■ **EXERCISE OBJECTIVE**
Read through the records. Copy each line that has the word "psubset".

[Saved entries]
= = = =
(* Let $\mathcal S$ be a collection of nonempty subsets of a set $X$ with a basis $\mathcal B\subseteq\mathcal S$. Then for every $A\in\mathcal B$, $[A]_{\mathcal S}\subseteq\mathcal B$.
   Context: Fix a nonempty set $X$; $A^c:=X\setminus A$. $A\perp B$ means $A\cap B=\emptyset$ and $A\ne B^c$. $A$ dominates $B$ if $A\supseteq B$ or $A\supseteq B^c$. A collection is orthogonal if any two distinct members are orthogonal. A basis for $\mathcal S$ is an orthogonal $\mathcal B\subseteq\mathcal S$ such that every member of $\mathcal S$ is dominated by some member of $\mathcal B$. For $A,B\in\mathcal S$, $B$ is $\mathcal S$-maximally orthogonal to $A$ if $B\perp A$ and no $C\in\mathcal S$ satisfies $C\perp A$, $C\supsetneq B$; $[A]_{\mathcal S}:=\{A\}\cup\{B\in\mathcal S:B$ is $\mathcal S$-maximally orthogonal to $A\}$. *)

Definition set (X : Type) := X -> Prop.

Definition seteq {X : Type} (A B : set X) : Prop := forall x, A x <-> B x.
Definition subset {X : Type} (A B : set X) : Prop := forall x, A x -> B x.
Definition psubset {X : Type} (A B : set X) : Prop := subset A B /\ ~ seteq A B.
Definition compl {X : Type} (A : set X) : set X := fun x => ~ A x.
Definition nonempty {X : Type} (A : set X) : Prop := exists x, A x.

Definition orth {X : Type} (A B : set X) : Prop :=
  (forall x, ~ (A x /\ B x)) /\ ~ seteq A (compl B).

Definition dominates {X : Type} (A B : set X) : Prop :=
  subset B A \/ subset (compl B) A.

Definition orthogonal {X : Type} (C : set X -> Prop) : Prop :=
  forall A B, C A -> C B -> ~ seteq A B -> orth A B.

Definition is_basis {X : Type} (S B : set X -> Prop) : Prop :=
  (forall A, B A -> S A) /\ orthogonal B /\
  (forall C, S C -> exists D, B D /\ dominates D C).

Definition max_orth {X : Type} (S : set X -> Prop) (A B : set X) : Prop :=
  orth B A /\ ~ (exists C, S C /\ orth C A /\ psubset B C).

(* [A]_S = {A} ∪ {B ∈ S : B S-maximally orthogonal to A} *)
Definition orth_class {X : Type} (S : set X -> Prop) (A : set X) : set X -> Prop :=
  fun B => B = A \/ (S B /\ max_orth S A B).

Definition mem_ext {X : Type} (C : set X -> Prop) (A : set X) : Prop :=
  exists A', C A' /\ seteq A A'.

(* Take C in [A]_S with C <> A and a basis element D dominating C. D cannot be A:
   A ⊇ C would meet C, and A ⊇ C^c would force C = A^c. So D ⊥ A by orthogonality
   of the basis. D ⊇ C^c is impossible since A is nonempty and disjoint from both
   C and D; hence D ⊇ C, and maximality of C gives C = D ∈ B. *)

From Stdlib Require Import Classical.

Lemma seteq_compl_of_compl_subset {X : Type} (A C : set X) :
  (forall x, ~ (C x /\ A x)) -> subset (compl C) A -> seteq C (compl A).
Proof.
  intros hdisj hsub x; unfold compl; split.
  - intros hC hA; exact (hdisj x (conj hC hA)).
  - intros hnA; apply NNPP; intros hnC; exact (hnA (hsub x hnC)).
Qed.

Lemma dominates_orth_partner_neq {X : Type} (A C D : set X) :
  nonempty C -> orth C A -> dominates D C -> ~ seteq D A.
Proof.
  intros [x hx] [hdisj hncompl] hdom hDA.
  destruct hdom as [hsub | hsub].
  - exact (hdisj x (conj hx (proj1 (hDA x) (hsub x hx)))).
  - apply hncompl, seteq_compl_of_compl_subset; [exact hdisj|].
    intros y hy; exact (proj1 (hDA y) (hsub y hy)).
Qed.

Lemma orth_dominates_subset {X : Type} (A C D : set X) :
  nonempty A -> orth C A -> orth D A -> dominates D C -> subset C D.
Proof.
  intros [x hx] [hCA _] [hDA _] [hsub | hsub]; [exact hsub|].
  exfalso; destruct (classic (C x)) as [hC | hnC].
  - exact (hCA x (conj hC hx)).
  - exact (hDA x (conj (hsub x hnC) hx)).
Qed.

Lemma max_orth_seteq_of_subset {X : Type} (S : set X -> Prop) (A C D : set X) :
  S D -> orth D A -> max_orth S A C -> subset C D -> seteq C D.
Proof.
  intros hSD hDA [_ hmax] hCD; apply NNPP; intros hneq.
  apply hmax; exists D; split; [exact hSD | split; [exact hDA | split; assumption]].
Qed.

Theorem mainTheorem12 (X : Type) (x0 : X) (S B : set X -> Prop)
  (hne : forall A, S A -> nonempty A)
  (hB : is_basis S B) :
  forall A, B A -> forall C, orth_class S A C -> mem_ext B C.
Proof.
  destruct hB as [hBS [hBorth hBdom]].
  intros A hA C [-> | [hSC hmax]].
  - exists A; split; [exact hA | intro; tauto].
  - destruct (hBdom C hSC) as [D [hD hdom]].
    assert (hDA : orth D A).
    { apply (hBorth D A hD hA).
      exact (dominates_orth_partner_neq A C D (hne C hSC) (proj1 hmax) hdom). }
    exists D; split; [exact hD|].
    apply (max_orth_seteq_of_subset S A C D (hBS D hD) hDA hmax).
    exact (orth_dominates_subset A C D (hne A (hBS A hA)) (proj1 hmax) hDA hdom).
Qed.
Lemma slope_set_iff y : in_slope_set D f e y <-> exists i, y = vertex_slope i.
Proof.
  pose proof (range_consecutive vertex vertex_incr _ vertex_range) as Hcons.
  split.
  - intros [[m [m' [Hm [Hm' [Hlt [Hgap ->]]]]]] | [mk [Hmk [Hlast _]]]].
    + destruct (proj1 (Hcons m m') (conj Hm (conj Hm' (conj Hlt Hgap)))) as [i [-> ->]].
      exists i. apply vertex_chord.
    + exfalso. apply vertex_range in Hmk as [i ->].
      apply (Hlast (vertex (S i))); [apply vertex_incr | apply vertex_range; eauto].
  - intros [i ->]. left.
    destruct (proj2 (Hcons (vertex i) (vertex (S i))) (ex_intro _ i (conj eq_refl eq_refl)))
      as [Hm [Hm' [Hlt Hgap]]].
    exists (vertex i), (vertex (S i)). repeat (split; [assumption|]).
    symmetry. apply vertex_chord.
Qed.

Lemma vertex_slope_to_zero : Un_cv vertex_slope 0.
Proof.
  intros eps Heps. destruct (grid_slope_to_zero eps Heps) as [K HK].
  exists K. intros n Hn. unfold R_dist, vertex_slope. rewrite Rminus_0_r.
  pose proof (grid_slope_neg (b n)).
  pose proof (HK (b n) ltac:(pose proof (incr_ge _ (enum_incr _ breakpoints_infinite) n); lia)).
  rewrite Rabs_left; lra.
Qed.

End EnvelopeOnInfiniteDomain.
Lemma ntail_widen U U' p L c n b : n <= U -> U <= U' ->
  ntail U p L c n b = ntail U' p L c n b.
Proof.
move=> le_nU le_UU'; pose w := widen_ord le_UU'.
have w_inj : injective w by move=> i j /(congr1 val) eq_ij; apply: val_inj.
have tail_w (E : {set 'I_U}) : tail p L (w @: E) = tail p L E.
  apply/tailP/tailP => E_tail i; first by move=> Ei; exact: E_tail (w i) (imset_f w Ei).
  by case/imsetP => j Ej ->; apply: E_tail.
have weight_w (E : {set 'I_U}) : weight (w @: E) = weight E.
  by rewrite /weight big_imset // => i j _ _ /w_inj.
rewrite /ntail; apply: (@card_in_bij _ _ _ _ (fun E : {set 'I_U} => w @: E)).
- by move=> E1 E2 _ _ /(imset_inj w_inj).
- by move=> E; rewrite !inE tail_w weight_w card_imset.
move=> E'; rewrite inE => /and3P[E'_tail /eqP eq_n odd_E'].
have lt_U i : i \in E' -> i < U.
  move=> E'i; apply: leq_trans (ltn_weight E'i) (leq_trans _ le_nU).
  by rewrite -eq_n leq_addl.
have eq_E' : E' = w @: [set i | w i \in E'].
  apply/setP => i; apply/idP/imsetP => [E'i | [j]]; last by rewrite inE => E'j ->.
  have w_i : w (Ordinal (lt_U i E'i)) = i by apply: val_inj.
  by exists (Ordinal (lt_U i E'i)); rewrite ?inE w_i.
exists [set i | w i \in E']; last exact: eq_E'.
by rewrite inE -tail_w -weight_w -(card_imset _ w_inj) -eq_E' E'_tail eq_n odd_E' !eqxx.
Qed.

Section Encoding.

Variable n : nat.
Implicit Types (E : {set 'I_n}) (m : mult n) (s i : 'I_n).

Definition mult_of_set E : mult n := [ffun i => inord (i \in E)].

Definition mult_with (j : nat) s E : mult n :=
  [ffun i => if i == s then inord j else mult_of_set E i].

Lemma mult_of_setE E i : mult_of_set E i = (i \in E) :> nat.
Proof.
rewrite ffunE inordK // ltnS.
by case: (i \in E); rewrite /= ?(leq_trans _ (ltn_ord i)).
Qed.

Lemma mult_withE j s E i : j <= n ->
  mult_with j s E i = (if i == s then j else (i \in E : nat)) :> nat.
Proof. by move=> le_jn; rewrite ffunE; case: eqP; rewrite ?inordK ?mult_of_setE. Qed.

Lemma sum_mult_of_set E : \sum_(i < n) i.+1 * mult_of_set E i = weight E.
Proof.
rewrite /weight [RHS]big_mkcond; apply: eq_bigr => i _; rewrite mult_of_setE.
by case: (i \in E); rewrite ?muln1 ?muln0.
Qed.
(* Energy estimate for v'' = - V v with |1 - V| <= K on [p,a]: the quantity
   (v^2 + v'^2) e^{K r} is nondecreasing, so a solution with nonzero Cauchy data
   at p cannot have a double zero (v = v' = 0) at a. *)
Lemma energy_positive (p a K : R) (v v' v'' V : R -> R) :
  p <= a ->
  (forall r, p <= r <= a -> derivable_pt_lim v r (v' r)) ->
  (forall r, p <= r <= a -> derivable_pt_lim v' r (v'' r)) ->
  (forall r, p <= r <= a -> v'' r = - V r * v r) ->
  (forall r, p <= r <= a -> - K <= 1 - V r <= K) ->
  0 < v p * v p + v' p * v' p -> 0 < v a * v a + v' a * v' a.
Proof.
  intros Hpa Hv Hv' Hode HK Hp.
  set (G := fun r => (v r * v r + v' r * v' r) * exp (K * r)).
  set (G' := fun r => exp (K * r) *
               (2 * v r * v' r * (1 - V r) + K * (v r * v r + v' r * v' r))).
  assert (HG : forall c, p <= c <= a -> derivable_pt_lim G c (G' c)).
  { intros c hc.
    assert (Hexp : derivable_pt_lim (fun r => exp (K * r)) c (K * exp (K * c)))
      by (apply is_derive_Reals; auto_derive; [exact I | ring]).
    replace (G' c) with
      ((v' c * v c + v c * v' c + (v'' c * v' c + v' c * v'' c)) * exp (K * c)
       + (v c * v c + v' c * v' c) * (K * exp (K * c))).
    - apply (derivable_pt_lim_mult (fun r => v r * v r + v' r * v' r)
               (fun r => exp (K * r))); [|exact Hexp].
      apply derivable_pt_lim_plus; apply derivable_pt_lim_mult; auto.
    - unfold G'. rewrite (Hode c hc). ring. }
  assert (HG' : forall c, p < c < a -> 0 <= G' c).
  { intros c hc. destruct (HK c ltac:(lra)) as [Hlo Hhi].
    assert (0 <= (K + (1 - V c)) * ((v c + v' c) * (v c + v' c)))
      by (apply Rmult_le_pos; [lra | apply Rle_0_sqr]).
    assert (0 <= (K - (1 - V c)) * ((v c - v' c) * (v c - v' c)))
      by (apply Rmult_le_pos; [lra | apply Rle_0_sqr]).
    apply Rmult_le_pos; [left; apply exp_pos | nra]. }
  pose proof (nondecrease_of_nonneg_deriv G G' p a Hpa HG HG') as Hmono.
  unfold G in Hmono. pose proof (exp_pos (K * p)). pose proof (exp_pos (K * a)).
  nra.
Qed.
= = = =
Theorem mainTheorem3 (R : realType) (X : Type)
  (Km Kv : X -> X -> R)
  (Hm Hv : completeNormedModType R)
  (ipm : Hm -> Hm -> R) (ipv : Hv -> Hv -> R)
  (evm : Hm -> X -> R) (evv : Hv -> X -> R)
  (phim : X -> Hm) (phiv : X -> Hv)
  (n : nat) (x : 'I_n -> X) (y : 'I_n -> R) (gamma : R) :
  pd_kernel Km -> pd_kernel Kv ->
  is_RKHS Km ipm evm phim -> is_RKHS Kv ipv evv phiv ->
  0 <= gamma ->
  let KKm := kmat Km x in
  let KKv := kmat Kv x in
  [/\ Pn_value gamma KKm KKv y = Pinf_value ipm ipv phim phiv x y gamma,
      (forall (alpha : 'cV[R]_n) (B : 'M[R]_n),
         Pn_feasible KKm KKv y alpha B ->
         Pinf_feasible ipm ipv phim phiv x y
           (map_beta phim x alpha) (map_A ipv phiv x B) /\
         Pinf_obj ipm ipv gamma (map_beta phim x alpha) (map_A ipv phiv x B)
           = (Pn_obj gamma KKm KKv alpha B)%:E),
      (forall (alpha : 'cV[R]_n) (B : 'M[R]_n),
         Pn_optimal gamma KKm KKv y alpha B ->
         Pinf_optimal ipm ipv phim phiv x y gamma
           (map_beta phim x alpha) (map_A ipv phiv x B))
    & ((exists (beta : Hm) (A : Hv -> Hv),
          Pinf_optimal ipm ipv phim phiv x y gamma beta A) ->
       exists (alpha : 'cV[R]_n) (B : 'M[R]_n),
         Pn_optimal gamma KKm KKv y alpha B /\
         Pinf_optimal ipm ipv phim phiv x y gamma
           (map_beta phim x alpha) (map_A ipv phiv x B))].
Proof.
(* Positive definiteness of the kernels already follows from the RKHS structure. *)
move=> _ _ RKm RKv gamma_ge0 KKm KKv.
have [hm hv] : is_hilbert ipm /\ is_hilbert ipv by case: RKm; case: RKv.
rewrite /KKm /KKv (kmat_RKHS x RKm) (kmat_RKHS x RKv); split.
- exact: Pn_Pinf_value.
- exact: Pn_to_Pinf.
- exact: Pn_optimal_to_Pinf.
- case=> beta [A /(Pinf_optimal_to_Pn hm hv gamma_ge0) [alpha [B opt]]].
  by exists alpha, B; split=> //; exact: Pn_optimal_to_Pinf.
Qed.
= = = =
■ **WORKED SOLUTION**
Definition psubset {X : Type} (A B : set X) : Prop := subset A B /\ ~ seteq A B.
  orth B A /\ ~ (exists C, S C /\ orth C A /\ psubset B C).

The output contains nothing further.